_Task goal_
From the entries that follow, gather each line holding the word "Prop".

[Stored data entries]
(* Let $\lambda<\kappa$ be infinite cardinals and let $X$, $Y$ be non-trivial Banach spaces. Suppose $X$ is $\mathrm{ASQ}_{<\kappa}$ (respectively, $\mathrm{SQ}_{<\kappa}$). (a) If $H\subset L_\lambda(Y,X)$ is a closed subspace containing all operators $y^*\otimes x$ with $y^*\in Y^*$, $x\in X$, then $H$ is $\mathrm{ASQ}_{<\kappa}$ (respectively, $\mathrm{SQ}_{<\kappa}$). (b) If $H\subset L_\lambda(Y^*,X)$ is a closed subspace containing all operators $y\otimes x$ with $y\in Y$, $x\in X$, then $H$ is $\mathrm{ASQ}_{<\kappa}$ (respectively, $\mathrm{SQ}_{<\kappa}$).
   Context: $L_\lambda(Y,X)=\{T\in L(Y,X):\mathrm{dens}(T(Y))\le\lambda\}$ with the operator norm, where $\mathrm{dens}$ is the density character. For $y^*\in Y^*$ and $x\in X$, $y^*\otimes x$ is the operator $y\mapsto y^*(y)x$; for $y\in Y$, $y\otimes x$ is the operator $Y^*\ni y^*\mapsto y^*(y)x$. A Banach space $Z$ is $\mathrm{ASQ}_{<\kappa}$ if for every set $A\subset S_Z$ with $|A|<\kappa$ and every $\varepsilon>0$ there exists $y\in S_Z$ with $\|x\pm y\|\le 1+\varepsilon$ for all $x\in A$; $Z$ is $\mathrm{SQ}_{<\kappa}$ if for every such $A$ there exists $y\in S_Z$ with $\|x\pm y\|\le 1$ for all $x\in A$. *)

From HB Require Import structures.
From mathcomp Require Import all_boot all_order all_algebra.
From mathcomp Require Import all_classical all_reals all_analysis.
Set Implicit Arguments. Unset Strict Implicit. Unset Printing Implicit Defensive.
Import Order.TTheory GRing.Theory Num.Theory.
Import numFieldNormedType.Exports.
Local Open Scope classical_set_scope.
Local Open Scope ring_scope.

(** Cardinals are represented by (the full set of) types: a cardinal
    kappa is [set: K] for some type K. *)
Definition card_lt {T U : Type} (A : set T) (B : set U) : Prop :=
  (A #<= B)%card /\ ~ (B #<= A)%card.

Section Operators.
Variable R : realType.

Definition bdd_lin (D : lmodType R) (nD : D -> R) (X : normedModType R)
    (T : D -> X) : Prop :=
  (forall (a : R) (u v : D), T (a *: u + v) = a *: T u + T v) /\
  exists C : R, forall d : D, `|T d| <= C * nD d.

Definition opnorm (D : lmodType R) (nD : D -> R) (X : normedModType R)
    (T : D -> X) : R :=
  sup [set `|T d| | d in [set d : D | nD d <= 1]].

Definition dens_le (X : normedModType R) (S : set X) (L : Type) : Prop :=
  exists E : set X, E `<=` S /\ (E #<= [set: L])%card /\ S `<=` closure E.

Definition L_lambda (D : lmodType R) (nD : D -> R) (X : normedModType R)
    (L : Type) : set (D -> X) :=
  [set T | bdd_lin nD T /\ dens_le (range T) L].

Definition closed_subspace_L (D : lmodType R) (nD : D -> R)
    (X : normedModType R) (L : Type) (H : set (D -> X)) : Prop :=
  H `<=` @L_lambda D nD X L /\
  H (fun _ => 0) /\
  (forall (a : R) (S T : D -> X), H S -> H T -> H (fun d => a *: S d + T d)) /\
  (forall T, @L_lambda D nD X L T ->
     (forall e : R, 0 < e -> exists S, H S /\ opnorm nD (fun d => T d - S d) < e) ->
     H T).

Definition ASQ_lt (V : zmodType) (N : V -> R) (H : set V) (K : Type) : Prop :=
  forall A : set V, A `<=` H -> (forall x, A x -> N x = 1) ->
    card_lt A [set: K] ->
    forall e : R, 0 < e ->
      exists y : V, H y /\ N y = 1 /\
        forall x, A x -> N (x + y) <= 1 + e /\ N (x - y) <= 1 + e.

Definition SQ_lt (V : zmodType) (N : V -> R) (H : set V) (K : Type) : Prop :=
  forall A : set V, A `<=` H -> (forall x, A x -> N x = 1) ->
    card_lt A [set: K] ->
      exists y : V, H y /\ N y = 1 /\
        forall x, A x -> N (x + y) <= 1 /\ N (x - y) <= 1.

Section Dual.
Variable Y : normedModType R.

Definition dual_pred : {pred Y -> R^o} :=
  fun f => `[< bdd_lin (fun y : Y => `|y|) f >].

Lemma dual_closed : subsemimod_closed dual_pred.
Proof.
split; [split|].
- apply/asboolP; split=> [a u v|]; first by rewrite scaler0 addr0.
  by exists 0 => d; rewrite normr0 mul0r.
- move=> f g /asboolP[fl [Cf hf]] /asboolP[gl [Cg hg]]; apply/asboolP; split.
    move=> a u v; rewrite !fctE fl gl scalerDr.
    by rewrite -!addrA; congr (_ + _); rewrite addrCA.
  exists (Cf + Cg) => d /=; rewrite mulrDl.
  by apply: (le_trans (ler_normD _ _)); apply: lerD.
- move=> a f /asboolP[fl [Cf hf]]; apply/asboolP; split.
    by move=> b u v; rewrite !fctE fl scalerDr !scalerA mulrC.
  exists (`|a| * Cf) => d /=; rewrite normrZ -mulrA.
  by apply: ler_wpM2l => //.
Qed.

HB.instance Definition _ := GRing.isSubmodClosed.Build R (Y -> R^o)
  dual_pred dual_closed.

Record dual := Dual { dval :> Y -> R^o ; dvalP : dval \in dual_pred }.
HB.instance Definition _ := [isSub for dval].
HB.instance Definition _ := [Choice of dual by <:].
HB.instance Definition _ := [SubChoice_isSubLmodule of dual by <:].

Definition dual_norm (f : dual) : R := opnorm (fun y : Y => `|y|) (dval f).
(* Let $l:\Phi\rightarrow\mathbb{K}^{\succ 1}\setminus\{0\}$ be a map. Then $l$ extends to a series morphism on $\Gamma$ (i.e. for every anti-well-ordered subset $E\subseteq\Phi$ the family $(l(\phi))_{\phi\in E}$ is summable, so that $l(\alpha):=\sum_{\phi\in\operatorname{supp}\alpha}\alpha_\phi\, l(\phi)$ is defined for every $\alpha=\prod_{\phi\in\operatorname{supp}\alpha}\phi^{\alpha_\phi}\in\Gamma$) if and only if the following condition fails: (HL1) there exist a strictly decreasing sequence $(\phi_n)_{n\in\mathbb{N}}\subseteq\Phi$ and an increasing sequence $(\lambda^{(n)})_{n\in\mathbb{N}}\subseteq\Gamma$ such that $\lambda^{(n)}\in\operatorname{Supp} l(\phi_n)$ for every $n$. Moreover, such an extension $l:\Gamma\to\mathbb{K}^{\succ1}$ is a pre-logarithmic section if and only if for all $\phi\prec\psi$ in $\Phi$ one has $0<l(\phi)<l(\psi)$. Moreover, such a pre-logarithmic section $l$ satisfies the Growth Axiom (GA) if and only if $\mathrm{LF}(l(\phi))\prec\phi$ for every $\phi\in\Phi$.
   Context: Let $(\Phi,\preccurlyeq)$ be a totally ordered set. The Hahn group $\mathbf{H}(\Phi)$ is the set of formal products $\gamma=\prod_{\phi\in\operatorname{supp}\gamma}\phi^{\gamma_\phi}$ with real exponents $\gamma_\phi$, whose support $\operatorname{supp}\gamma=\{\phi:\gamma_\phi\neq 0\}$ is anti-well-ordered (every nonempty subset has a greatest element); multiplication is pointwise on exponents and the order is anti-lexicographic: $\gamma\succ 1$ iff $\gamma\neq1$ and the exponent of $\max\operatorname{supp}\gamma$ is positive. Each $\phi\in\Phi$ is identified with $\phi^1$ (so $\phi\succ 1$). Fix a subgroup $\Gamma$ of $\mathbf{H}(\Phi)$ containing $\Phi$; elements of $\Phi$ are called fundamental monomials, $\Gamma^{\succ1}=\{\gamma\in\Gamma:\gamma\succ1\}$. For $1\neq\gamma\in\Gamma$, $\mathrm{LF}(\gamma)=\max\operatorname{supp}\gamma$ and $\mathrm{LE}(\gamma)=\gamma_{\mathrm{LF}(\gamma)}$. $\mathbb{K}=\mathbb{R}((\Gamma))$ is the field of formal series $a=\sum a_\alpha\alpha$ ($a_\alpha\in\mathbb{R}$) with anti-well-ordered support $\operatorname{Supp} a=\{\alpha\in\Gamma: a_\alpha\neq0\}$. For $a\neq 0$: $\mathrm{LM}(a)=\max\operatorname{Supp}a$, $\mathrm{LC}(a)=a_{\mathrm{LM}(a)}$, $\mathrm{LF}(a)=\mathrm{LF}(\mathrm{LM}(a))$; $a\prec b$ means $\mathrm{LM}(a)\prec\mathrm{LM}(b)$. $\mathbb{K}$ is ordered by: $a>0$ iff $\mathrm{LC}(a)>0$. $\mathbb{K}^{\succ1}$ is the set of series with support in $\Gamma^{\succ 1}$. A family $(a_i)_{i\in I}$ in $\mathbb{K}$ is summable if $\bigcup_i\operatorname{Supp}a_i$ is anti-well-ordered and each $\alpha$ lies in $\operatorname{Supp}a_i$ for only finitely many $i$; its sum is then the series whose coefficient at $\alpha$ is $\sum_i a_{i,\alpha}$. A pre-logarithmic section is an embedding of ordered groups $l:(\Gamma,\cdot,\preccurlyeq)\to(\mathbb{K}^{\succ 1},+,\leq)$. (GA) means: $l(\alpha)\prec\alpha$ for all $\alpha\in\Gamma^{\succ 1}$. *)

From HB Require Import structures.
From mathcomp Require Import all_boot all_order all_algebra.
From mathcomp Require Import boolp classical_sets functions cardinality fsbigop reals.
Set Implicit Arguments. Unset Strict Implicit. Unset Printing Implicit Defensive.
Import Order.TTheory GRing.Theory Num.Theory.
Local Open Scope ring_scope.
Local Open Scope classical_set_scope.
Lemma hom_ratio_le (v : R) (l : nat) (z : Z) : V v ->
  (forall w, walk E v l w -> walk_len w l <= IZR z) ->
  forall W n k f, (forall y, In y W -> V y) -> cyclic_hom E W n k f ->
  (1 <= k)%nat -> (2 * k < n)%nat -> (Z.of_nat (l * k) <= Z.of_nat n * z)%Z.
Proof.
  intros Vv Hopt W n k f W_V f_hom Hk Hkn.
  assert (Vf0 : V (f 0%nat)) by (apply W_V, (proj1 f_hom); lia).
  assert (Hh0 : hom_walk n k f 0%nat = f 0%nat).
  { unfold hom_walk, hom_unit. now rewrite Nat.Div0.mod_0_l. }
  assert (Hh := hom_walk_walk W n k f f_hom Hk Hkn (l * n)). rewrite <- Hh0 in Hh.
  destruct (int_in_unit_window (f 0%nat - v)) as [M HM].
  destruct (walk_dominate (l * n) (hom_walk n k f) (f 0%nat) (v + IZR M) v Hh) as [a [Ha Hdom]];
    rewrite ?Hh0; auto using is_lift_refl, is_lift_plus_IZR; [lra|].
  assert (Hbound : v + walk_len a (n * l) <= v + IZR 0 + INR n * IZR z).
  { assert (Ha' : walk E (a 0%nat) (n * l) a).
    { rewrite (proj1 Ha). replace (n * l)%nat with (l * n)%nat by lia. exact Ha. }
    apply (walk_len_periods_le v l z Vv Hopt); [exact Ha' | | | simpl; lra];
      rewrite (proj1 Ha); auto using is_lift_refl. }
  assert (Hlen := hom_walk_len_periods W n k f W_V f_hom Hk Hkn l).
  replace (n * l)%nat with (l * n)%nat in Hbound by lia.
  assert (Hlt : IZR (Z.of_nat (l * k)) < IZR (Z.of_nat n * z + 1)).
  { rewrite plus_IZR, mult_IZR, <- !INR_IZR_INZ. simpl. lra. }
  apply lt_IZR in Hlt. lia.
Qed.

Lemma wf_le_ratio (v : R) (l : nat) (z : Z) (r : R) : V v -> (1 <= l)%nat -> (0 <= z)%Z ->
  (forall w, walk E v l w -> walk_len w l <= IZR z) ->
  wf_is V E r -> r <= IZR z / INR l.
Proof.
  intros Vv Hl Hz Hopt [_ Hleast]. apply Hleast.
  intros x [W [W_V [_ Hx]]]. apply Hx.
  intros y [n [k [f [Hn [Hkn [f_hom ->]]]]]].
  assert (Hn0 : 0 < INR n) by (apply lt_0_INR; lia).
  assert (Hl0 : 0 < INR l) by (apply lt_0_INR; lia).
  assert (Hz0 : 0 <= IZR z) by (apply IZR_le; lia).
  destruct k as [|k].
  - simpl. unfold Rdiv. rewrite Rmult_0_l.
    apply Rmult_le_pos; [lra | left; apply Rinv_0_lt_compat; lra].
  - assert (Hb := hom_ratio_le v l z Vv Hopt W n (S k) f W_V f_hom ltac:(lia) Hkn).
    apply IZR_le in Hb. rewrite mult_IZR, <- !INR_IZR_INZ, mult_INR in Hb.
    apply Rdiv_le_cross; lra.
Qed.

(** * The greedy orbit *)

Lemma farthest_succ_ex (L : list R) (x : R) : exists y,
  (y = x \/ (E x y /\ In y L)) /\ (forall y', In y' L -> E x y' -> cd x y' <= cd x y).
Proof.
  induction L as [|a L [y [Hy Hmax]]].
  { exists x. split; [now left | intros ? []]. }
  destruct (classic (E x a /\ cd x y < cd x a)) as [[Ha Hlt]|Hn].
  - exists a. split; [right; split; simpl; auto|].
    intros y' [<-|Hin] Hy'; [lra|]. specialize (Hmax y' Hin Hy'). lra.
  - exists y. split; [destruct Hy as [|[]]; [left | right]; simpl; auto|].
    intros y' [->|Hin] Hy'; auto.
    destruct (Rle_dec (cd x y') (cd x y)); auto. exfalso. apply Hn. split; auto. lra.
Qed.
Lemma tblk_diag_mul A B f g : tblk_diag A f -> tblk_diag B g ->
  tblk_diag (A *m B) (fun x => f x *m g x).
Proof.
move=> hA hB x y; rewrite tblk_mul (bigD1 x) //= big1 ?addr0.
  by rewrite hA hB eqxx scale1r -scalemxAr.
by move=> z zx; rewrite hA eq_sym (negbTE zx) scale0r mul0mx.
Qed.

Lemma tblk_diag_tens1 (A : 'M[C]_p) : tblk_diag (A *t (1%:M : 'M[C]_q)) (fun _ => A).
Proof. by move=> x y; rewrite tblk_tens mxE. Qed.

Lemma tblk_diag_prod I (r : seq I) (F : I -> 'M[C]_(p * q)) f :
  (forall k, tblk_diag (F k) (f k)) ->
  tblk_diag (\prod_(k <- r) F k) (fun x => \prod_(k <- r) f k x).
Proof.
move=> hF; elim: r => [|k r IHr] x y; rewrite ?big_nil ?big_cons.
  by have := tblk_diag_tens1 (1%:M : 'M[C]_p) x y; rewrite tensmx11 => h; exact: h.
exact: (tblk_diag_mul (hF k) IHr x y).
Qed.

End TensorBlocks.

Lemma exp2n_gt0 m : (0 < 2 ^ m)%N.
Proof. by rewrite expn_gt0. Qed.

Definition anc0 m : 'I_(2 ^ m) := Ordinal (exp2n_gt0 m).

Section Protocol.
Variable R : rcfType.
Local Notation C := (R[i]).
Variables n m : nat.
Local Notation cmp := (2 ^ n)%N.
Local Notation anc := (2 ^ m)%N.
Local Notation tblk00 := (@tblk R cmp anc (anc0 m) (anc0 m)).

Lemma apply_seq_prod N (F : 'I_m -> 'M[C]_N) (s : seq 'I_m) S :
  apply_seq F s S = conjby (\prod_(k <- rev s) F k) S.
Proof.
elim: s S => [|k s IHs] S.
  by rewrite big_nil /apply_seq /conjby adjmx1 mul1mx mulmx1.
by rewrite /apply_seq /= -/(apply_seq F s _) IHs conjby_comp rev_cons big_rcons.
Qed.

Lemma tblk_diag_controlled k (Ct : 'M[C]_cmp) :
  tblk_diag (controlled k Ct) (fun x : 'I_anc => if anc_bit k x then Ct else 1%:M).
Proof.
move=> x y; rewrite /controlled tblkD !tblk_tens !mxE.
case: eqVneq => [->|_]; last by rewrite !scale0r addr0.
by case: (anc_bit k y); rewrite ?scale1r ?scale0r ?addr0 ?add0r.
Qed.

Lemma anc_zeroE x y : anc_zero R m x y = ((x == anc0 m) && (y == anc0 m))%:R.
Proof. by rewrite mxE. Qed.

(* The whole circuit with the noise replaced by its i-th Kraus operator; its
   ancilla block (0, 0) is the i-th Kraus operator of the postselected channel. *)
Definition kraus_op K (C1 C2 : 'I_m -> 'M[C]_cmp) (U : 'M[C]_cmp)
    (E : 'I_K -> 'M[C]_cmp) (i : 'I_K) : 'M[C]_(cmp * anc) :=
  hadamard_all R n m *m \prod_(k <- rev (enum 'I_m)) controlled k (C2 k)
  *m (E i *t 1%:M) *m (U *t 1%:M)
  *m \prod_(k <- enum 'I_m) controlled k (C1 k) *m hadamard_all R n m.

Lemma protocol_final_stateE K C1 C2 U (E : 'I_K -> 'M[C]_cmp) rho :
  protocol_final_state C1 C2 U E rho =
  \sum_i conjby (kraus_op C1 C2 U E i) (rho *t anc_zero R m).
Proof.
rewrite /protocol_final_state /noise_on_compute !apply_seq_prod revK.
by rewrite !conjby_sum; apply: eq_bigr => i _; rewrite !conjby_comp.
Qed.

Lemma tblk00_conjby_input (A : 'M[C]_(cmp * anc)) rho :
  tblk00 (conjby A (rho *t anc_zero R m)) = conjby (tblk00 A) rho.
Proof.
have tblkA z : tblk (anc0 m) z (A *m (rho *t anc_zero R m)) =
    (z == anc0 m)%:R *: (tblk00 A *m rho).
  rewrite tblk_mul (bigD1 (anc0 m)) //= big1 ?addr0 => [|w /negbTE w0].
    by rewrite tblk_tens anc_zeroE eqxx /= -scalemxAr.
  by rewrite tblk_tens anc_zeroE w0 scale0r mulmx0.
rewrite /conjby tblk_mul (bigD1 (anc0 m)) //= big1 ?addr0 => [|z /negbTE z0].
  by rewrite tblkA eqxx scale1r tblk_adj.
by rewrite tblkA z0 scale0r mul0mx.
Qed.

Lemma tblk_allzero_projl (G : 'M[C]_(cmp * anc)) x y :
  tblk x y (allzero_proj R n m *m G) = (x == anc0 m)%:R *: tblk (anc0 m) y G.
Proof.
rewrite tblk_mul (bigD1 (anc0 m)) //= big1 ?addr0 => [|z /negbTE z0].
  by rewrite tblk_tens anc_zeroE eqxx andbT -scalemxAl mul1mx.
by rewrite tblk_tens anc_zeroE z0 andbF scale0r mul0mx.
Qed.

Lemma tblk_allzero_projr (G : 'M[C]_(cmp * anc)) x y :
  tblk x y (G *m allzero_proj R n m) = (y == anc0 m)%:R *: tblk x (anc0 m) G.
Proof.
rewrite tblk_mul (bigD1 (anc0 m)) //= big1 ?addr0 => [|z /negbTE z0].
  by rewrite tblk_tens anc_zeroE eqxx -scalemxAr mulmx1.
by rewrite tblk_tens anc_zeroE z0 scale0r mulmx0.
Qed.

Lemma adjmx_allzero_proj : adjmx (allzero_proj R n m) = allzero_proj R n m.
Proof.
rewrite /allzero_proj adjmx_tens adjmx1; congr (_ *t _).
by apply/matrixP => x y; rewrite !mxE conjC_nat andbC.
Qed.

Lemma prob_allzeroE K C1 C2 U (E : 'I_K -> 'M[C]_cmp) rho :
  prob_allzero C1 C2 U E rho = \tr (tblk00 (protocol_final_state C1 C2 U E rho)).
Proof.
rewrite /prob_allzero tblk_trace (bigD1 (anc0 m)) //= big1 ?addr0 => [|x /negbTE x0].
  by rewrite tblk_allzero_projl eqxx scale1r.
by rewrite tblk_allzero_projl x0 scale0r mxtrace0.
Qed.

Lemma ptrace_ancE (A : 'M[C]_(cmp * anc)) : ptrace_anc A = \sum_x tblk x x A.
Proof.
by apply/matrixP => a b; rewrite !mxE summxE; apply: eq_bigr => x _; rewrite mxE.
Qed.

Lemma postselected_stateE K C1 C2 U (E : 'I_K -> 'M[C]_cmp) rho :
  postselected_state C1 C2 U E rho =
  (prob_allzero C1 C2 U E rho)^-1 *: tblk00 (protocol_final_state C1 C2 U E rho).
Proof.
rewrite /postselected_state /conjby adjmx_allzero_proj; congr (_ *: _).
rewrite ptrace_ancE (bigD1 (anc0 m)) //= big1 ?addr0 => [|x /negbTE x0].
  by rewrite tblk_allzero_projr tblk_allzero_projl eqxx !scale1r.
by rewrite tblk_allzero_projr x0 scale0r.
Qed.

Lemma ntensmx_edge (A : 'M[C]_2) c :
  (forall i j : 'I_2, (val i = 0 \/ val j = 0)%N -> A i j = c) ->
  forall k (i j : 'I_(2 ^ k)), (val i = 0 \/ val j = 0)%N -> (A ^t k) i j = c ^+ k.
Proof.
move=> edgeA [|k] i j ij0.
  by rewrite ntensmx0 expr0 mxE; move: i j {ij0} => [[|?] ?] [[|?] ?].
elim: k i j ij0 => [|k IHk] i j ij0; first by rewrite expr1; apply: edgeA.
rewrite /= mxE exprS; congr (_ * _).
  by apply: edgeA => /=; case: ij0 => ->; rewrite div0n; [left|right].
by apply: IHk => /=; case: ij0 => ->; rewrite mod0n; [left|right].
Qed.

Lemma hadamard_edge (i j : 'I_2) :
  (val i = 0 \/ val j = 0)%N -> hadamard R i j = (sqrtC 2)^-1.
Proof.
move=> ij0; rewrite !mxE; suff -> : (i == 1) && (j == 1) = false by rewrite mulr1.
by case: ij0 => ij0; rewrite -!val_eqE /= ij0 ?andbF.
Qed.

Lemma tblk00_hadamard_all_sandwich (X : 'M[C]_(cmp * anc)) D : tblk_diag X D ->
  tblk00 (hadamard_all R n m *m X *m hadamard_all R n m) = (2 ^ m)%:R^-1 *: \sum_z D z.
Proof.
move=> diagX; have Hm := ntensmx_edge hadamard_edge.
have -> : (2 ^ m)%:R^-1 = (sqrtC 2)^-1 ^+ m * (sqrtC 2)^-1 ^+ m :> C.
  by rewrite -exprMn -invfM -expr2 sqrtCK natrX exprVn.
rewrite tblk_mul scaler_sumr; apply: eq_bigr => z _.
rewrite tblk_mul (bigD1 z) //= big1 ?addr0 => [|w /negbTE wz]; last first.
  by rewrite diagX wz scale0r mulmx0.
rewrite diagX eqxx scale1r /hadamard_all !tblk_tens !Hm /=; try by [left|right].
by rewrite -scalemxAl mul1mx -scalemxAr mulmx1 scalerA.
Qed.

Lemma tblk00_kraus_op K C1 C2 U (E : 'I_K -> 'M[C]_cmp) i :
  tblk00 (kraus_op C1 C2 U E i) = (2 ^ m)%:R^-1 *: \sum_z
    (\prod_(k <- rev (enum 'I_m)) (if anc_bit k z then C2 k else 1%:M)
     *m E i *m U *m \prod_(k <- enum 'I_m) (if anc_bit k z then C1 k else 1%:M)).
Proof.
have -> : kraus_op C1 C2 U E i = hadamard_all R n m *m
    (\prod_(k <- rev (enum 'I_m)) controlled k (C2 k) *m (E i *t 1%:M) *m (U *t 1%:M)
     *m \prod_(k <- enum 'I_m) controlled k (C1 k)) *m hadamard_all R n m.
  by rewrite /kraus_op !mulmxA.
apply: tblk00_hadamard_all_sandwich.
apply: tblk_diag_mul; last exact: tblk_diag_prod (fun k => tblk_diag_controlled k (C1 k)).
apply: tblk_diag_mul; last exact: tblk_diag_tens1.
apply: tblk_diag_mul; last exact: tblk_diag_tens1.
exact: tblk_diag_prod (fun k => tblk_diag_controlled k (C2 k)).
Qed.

_Response box_
Definition card_lt {T U : Type} (A : set T) (B : set U) : Prop :=
    (T : D -> X) : Prop :=
Definition dens_le (X : normedModType R) (S : set X) (L : Type) : Prop :=
    (X : normedModType R) (L : Type) (H : set (D -> X)) : Prop :=
Definition ASQ_lt (V : zmodType) (N : V -> R) (H : set V) (K : Type) : Prop :=
Definition SQ_lt (V : zmodType) (N : V -> R) (H : set V) (K : Type) : Prop :=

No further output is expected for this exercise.